Lemma ge_of_fenchel_le (J : X -> \bar R) (lam : R) : 0 < lam ->
  (forall u, (-oo < J u)%E) ->
  (forall z, is_dual z -> (fenchel J z <= (lam `^ (1 - q))%:E * fenchel H z)%E) ->
  forall u, (lam%:E * H u <= J u)%E.
Proof.
move=> l0 Jp JH u.
have [f [df fu fN]] := exists_norming_dual u.
set n := N u; set a := lam * n `^ (p - 1); set m := lam * n `^ p.
have n0 : 0 <= n by exact: Hnorm_ge0.
have a0 : 0 <= a by rewrite mulr_ge0 ?powR_ge0 // ltW.
have an : a * n = m by rewrite /a /m -mulrA (mulrC _ n) mulr_powRB1.
have zJ : ((a * f u)%:E - J u <= fenchel J (fun v => a * f v)%R)%E.
  by apply: ereal_sup_ubound; exists u.
have zH := fenchelH_norming_le p1 Hcvx Hhom Hfin a0 fN.
have s0 : (0 <= (lam `^ (1 - q))%:E)%E by rewrite lee_fin powR_ge0.
have := le_trans zJ (le_trans (JH _ (is_dualZ a df)) (lee_wpmul2l s0 zH)).
rewrite -EFinM mulrA powR_conj_norming // fu -/n an.
have Hu : (lam%:E * H u)%E = (m / p)%:E.
  rewrite [H u](H_EFin Hfin) -EFinM /m /n (Hnorm_powR p1 Hcvx Hhom Hfin).
  by congr EFin; field; rewrite gt_eqF.
rewrite Hu; have := Jp u; case: (J u) => [j _| |] //; last by rewrite leey.
rewrite -EFinB !lee_fin.
have -> : m / q = m - m / p by have := p1 => ?; field; lra.
lra.
Qed.

End Banach.

Local Open Scope ereal_scope.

■ ■ ■ ■

Exercise requirements: From the "rewrite -EFinM mulrA" line to the close of the listing, restate each line word for word.

Exercise output:
rewrite -EFinM mulrA powR_conj_norming // fu -/n an.
have Hu : (lam%:E * H u)%E = (m / p)%:E.
  rewrite [H u](H_EFin Hfin) -EFinM /m /n (Hnorm_powR p1 Hcvx Hhom Hfin).
  by congr EFin; field; rewrite gt_eqF.
rewrite Hu; have := Jp u; case: (J u) => [j _| |] //; last by rewrite leey.
rewrite -EFinB !lee_fin.
have -> : m / q = m - m / p by have := p1 => ?; field; lra.
lra.
Qed.

End Banach.

Local Open Scope ereal_scope.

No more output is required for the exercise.